▶ The records
╭──
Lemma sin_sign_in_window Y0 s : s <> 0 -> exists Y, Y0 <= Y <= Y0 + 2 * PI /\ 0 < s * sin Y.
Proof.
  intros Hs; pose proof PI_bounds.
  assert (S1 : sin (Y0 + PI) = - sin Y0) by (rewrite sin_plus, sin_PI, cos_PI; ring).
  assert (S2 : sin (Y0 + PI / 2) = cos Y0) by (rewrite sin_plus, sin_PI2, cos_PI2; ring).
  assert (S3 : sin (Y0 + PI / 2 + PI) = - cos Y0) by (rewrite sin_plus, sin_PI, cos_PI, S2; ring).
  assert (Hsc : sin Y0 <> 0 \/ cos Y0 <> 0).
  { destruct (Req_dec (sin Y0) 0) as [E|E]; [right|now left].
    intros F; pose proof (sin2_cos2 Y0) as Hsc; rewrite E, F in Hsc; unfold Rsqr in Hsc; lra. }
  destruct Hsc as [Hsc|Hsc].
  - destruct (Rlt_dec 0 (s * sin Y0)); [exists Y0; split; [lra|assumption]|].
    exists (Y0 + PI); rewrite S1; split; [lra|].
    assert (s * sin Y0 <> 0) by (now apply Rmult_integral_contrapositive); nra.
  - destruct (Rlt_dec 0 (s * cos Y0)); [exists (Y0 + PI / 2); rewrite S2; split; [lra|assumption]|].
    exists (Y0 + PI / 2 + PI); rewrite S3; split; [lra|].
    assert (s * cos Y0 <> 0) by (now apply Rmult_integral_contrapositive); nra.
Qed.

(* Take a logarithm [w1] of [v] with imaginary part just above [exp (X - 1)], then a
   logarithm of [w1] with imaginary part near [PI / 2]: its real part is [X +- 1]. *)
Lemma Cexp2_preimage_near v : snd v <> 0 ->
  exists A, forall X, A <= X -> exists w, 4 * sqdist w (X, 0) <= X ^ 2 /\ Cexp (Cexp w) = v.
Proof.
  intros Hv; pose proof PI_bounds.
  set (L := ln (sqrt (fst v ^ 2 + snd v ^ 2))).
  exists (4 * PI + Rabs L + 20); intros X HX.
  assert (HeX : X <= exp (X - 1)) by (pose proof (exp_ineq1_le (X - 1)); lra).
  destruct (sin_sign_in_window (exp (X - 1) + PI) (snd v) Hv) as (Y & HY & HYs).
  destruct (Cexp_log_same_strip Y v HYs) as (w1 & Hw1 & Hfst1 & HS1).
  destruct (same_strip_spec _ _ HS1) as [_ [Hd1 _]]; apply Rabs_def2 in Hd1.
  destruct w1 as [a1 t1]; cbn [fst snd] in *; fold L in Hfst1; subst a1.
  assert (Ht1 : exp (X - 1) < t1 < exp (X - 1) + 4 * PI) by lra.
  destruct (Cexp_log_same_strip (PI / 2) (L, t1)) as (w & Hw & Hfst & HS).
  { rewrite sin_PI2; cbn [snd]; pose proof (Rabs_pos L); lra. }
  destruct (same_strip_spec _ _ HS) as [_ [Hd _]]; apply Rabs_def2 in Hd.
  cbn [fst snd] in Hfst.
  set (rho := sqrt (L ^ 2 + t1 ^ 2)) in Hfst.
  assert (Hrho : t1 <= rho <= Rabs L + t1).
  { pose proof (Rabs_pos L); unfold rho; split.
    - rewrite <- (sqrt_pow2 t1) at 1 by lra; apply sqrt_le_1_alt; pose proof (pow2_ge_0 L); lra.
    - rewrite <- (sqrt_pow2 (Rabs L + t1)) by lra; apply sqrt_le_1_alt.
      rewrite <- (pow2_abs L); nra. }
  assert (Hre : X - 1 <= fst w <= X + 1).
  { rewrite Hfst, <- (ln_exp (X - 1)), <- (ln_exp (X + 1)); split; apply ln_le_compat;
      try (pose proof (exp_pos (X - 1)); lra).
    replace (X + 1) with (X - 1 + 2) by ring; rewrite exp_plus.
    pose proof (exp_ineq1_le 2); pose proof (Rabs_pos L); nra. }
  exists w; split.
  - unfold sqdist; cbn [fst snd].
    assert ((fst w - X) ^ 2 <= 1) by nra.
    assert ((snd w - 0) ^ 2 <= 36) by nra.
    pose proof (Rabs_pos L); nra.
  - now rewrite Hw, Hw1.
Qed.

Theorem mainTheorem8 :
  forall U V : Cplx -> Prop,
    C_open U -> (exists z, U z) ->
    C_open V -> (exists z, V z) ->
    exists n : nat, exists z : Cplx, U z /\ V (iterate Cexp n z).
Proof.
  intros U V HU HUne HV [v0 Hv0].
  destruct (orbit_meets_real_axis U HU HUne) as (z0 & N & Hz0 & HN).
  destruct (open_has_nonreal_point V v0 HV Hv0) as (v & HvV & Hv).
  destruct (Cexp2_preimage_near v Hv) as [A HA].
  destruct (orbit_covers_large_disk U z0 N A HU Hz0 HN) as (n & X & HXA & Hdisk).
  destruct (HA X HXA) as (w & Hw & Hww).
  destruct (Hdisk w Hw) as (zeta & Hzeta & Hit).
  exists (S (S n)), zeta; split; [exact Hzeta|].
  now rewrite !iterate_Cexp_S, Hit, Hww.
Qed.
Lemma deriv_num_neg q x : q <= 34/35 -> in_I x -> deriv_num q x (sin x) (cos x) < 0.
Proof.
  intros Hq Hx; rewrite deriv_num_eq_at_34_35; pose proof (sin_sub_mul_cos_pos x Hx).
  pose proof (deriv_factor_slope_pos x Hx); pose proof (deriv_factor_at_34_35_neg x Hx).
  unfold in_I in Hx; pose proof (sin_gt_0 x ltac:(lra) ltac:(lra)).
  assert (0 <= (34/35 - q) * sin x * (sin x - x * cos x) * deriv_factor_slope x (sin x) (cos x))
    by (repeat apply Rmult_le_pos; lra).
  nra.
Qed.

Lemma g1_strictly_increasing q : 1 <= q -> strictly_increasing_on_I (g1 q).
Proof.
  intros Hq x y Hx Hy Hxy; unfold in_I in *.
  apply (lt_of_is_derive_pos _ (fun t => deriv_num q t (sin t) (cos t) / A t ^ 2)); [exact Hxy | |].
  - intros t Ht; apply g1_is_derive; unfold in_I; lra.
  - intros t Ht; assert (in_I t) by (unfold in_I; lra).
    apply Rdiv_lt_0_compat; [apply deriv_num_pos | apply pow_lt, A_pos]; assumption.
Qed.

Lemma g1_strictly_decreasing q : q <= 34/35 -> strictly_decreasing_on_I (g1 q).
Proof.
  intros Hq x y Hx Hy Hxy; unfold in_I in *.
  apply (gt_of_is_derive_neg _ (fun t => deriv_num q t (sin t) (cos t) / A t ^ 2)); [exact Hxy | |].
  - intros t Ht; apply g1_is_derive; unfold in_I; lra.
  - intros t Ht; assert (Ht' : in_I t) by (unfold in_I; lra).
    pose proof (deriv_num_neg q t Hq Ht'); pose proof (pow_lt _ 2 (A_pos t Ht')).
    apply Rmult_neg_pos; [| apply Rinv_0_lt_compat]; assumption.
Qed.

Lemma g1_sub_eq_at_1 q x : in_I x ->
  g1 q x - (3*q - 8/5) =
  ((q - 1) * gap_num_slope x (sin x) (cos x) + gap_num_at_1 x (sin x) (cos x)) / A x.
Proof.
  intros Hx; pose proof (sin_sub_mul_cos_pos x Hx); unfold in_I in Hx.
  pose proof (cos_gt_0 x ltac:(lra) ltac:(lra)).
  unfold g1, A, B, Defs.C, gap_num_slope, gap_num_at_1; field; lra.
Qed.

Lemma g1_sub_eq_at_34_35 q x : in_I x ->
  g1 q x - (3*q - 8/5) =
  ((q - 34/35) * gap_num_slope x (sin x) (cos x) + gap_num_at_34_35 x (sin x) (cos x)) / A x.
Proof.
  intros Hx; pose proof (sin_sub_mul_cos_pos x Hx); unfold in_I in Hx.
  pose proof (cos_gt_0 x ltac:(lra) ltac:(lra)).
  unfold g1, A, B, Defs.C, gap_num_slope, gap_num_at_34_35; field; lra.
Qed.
╰──
▶ Exercise requirements
Only a number is wanted here: how many lines in the data above include the string "with"?

▶ Task response
3